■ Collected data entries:
★ ★ ★ ★ ★ ★ ★
(* Let $\mathbf T$ be a countable homogeneous tournament and $\mathbf T^*$ an expansion of $\mathbf T$ as in the context. If $\mathrm{Age}(\mathbf T^* )$ has the expansion property relative to $\mathrm{Age}(\mathbf T)$, then for every positive integer $n$, $\mathrm{Age}(\mathbf T[I_n]^* )$ has the expansion property relative to $\mathrm{Age}(\mathbf T[I_n])$, where $\mathbf T[I_n]$ denotes the reduct of $\mathbf T[I_n]^*$ to the language $\{E\}$.
   Context: The age $\mathrm{Age}(\mathbf F)$ of a structure $\mathbf F$ is the class of finite structures embeddable in $\mathbf F$. Expansion property: let $L\subseteq L^*$ be relational languages, $\mathcal K$ a class of finite $L$-structures and $\mathcal K^*$ a class of finite $L^*$-structures whose $L$-reducts lie in $\mathcal K$. $\mathcal K^*$ has the expansion property relative to $\mathcal K$ if for every $\mathbf A\in\mathcal K$ there is $\mathbf B\in\mathcal K$ such that for all $\mathbf A^*,\mathbf B^*\in\mathcal K^*$ whose $L$-reducts are $\mathbf A$ and $\mathbf B$ respectively, $\mathbf A^*$ embeds into $\mathbf B^*$. A tournament is a directed graph in which every pair of distinct vertices carries exactly one directed edge; it is homogeneous if every isomorphism between finite substructures extends to an automorphism. $\mathbf T=(T,E^{\mathbf T})$ is a countable homogeneous tournament, and $\mathbf T^*$ is an expansion of $\mathbf T$ to a countable relational language $L_{\mathbf T^*}\supseteq\{E,<\}$ in which $<$ is interpreted as a linear order $<^*$ on $T$. For a positive integer $n$, $[n]=\{0,\dots,n-1\}$. The structure $\mathbf T[I_n]^*$ has universe $T\times[n]$ and language $L_{\mathbf T^*}\cup\{L_0,\dots,L_{n-1}\}$ ($L_i$ new unary symbols), interpreted as follows: $E((x,i),(y,j))$ iff $E^{\mathbf T}(x,y)$; for each $m$-ary $R\in L_{\mathbf T^*}\setminus\{E,<\}$, $R((x_1,i_1),\dots,(x_m,i_m))$ iff $R^{\mathbf T^*}(x_1,\dots,x_m)$; $(x,i)<(y,j)$ iff $x<^*y$, or $x=y$ and $i<j$; and $L_i(x,j)$ iff $j=i$. *)

From mathcomp Require Import all_boot.
Set Implicit Arguments. Unset Strict Implicit. Unset Printing Implicit Defensive.

Record lang := Lang { sym : Type; ar : sym -> nat }.

Definition structure (L : lang) (A : Type) :=
  forall s : sym L, ('I_(@ar L s) -> A) -> Prop.

Record lmorph (L Ls : lang) := LMorph {
  lmap : sym L -> sym Ls;
  lmap_ar : forall s, @ar Ls (lmap s) = @ar L s }.

Definition reduct (L Ls : lang) (i : lmorph L Ls) (A : Type)
  (S : structure Ls A) : structure L A :=
  fun s t => S (lmap i s) (fun k => t (cast_ord (lmap_ar i s) k)).

Definition struct_eq (L : lang) (A : Type) (S1 S2 : structure L A) :=
  forall s t, S1 s t <-> S2 s t.

Definition embedding (L : lang) (A B : Type) (SA : structure L A)
  (SB : structure L B) (f : A -> B) :=
  injective f /\ forall s t, SA s t <-> SB s (fun k => f (t k)).

Definition fclass (L : lang) := forall A : finType, structure L A -> Prop.

Definition Age (L : lang) (C : Type) (F : structure L C) : fclass L :=
  fun A SA => exists f : A -> C, embedding SA F f.

Definition expansion_property (L Ls : lang) (i : lmorph L Ls)
  (Ks : fclass Ls) (K : fclass L) :=
  forall (A : finType) (SA : structure L A), K A SA ->
  exists (B : finType) (SB : structure L B), K B SB /\
    forall (SAs : structure Ls A) (SBs : structure Ls B),
      Ks A SAs -> Ks B SBs ->
      struct_eq (reduct i SAs) SA -> struct_eq (reduct i SBs) SB ->
      exists f : A -> B, embedding SAs SBs f.

(* Homogeneity: every isomorphism between finite substructures (given by
   a finite domain s and a map g injective on s and preserving and
   reflecting all relations on s) extends to an automorphism. *)
Definition homogeneous (L : lang) (C : eqType) (S : structure L C) :=
  forall (s : seq C) (g : C -> C),
    {in s &, injective g} ->
    (forall r (t : 'I_(@ar L r) -> C), (forall k, t k \in s) ->
        (S r t <-> S r (fun k => g (t k)))) ->
    exists h : C -> C, bijective h /\ embedding S S h /\ {in s, h =1 g}.

Definition tournament (T : Type) (E : T -> T -> Prop) :=
  (forall x, ~ E x x) /\
  (forall x y, x <> y -> (E x y \/ E y x) /\ ~ (E x y /\ E y x)).

Definition strict_linear_order (T : Type) (lt : T -> T -> Prop) :=
  (forall x, ~ lt x x) /\
  (forall x y z, lt x y -> lt y z -> lt x z) /\
  (forall x y, x <> y -> lt x y \/ lt y x).

Definition rel2 (A : Type) (R : A -> A -> Prop) (t : 'I_2 -> A) : Prop :=
  R (t ord0) (t ord_max).

Definition LE : lang := @Lang unit (fun _ => 2).

(* L_{T*} = {E, <} ∪ X : inl false = E, inl true = <, inr x = other symbols. *)
Definition LTs (X : Type) (arX : X -> nat) : lang :=
  @Lang (bool + X)%type (fun s => match s with inl _ => 2 | inr x => arX x end).

Definition LTn (X : Type) (arX : X -> nat) (n : nat) : lang :=
  @Lang (sym (LTs arX) + 'I_n)%type
    (fun s => match s with inl s' => @ar (LTs arX) s' | inr _ => 1 end).

Definition iE_Ts (X : Type) (arX : X -> nat) : lmorph LE (LTs arX) :=
  @LMorph LE (LTs arX) (fun _ => inl false) (fun _ => erefl).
★ ★ ★ ★ ★ ★ ★
■ Assignment:
From the records above, report the number of lines that hold the string "with" and add nothing.

■ Written answer:
2